=== DATA RECORDS ===

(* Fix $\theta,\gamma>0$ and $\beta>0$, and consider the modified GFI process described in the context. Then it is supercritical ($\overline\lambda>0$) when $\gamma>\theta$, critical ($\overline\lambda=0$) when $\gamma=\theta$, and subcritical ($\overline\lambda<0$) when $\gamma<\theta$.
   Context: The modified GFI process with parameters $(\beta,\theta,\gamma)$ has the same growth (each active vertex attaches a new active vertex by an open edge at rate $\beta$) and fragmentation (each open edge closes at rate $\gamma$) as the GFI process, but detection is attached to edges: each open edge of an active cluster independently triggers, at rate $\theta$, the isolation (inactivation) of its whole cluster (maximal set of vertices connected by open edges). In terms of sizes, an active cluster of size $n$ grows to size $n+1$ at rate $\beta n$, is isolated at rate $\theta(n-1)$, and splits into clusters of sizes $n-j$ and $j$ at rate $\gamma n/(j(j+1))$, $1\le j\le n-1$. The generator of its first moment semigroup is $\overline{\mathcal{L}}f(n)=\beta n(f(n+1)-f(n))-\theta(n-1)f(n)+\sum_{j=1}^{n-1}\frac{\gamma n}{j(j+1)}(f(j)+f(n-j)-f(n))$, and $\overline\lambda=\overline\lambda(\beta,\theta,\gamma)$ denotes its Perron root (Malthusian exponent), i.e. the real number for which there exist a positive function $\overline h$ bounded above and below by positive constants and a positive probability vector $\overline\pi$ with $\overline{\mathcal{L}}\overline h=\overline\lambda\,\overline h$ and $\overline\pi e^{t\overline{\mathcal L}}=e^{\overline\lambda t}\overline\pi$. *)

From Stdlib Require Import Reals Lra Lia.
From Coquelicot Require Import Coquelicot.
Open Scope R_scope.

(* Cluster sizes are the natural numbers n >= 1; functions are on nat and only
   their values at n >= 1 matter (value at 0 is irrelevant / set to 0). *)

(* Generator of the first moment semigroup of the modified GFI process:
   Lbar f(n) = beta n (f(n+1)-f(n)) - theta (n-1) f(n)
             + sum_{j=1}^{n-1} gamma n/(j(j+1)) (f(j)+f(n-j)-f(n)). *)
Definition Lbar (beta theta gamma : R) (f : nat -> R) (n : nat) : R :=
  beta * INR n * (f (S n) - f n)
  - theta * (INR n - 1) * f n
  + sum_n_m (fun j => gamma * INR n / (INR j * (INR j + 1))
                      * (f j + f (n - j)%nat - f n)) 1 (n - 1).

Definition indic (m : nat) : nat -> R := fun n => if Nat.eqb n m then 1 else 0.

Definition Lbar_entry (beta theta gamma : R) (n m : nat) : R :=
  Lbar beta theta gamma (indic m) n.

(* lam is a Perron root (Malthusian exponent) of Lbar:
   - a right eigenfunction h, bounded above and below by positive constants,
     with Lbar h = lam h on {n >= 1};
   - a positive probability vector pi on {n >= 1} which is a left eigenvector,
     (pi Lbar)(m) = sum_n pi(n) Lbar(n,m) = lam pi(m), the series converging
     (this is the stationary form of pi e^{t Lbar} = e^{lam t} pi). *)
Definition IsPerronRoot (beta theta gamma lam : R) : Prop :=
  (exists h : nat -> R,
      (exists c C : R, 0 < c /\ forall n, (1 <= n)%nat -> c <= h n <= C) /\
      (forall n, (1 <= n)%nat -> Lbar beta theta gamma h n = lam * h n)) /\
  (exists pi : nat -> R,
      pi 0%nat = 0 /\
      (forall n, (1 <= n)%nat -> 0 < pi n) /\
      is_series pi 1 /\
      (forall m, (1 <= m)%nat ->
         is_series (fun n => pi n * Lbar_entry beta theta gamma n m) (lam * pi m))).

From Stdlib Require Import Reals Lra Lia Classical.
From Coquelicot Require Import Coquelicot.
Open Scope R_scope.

===
=== DATA RECORDS ===

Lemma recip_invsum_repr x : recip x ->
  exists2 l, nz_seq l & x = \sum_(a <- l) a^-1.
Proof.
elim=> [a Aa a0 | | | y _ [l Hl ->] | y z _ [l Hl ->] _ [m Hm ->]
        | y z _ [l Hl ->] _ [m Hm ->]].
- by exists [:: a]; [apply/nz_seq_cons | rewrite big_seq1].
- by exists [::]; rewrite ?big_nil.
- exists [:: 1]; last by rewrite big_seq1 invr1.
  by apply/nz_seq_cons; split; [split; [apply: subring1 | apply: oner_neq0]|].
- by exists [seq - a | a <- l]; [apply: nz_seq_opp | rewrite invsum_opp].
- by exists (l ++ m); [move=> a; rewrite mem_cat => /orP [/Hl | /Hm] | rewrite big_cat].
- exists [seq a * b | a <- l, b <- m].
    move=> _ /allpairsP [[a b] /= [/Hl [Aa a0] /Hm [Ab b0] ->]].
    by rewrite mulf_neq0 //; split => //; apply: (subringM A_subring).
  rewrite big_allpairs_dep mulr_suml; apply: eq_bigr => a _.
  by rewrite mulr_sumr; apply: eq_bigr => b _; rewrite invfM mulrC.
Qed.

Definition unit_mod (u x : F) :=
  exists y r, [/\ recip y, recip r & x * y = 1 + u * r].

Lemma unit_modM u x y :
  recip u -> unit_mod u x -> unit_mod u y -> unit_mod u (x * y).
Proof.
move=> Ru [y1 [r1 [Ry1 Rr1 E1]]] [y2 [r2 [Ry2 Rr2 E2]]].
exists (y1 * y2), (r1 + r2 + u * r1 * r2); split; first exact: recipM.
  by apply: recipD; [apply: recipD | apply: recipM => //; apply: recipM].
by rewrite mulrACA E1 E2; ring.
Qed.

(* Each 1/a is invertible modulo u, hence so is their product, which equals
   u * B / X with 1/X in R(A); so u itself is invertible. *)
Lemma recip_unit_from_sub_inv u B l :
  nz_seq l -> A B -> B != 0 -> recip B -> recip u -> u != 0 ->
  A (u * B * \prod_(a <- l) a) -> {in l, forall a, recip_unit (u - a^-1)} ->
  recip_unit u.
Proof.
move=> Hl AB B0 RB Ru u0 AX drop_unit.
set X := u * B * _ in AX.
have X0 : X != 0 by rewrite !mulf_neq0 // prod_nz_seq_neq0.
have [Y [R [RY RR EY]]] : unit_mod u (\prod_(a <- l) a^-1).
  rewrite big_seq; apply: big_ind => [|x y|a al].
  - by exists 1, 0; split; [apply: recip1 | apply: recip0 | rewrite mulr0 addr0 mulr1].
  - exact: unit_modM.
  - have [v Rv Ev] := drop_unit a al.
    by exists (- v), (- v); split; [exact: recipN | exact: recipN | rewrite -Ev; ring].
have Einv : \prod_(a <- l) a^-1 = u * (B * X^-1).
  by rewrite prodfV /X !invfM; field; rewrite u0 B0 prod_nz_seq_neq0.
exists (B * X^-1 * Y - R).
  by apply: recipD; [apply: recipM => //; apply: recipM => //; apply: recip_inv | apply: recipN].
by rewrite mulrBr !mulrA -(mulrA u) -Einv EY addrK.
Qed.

===
=== DATA RECORDS ===

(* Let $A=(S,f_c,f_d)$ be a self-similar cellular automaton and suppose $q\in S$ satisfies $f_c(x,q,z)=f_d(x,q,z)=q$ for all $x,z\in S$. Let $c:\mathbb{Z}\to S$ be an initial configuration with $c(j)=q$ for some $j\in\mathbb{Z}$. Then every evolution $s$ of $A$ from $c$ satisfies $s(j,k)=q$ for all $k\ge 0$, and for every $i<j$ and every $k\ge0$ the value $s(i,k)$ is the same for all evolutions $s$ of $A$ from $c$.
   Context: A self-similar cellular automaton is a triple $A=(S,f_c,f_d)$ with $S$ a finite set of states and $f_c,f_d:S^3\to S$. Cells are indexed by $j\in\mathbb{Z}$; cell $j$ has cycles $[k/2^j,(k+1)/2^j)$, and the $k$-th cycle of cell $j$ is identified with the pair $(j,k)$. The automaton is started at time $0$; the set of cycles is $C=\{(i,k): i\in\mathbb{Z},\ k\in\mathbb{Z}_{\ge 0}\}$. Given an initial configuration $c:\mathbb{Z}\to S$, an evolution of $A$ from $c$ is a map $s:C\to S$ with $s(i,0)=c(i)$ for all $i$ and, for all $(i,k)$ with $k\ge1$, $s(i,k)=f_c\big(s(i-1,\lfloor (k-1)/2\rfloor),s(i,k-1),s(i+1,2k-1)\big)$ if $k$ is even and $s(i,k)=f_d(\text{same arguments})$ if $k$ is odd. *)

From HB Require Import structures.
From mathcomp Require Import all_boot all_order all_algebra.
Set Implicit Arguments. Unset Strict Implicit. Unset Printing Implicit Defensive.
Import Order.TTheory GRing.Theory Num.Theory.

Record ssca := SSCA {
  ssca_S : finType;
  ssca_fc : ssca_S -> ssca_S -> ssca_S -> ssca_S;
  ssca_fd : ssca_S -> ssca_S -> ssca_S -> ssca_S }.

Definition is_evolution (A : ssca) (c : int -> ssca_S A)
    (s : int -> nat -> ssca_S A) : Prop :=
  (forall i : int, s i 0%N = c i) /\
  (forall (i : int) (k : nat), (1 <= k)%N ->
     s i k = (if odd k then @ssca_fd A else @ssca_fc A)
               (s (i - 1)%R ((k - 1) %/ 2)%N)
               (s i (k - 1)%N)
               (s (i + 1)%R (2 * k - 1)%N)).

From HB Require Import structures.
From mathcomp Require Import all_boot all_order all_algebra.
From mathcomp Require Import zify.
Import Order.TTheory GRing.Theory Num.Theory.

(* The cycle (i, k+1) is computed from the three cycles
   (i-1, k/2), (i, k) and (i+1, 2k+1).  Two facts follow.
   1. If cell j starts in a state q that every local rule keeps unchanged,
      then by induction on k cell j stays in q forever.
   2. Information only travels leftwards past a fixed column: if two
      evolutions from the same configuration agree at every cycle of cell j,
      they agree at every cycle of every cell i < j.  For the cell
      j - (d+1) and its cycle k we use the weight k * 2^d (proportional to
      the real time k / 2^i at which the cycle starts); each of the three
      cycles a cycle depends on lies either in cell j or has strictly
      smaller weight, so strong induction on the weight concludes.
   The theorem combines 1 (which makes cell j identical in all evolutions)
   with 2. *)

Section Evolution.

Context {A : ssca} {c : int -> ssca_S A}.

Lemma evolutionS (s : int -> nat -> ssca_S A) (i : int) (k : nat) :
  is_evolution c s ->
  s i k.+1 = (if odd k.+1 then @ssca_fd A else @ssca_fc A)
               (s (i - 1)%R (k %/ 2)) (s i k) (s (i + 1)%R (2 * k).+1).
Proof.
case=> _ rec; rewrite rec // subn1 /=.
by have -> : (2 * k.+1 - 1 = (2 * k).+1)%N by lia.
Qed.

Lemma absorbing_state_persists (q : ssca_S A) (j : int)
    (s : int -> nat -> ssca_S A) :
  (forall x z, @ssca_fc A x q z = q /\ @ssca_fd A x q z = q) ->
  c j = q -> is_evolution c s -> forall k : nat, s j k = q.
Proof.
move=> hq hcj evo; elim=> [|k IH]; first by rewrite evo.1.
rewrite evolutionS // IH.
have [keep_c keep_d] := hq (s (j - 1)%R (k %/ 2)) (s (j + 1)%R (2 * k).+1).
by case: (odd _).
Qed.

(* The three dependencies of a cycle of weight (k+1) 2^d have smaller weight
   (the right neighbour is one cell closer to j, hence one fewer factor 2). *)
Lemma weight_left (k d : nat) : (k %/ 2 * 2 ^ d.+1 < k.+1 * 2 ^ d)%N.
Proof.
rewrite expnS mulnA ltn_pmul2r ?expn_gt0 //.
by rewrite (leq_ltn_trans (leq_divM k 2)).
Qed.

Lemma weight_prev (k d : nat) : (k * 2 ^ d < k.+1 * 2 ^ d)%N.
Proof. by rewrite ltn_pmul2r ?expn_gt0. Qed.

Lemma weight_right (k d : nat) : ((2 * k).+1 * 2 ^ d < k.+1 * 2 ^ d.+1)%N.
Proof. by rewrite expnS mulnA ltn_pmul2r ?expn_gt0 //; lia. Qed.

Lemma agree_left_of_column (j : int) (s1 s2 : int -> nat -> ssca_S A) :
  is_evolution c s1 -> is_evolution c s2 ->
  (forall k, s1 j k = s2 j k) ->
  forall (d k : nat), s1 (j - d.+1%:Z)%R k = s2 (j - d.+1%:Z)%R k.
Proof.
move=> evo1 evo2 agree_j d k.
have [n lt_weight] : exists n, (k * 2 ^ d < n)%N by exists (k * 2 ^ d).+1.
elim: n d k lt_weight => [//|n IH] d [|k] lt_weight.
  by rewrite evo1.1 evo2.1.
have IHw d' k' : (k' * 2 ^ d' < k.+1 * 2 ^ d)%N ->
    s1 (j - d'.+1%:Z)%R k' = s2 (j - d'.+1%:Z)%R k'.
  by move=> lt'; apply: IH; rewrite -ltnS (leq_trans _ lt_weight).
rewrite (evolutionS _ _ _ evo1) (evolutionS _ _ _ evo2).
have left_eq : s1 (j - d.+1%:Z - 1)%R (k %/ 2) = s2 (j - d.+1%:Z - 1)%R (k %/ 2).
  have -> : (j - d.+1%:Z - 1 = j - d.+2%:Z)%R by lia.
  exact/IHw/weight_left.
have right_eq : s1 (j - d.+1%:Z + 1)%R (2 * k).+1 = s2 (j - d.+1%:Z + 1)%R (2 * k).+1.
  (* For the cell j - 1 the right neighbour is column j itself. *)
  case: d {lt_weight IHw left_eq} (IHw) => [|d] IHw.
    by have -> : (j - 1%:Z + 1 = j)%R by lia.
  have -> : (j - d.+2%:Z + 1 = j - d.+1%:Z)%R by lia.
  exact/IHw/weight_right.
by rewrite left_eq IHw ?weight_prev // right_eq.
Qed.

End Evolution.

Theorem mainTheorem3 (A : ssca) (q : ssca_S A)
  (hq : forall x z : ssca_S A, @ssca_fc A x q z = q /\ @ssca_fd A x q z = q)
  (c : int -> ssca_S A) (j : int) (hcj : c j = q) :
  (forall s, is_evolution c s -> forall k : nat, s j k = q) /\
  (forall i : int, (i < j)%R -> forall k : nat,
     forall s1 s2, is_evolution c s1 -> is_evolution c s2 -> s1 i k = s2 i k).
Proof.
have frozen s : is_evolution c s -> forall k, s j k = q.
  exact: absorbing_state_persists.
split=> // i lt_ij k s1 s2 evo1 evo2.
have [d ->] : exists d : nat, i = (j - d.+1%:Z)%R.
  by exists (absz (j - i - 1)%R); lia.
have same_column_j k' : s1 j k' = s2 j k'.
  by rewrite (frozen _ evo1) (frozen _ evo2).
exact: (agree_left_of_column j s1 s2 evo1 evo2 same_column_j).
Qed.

===

THE PROBLEM: For this exercise, repeat exactly the lines of the data above from the one with "Definition unit_mod (u" down to the one with "have [Y [R [RY", both end lines included.

OUTPUT FOR THIS EXERCISE:
Definition unit_mod (u x : F) :=
  exists y r, [/\ recip y, recip r & x * y = 1 + u * r].

Lemma unit_modM u x y :
  recip u -> unit_mod u x -> unit_mod u y -> unit_mod u (x * y).
Proof.
move=> Ru [y1 [r1 [Ry1 Rr1 E1]]] [y2 [r2 [Ry2 Rr2 E2]]].
exists (y1 * y2), (r1 + r2 + u * r1 * r2); split; first exact: recipM.
  by apply: recipD; [apply: recipD | apply: recipM => //; apply: recipM].
by rewrite mulrACA E1 E2; ring.
Qed.

(* Each 1/a is invertible modulo u, hence so is their product, which equals
   u * B / X with 1/X in R(A); so u itself is invertible. *)
Lemma recip_unit_from_sub_inv u B l :
  nz_seq l -> A B -> B != 0 -> recip B -> recip u -> u != 0 ->
  A (u * B * \prod_(a <- l) a) -> {in l, forall a, recip_unit (u - a^-1)} ->
  recip_unit u.
Proof.
move=> Hl AB B0 RB Ru u0 AX drop_unit.
set X := u * B * _ in AX.
have X0 : X != 0 by rewrite !mulf_neq0 // prod_nz_seq_neq0.
have [Y [R [RY RR EY]]] : unit_mod u (\prod_(a <- l) a^-1).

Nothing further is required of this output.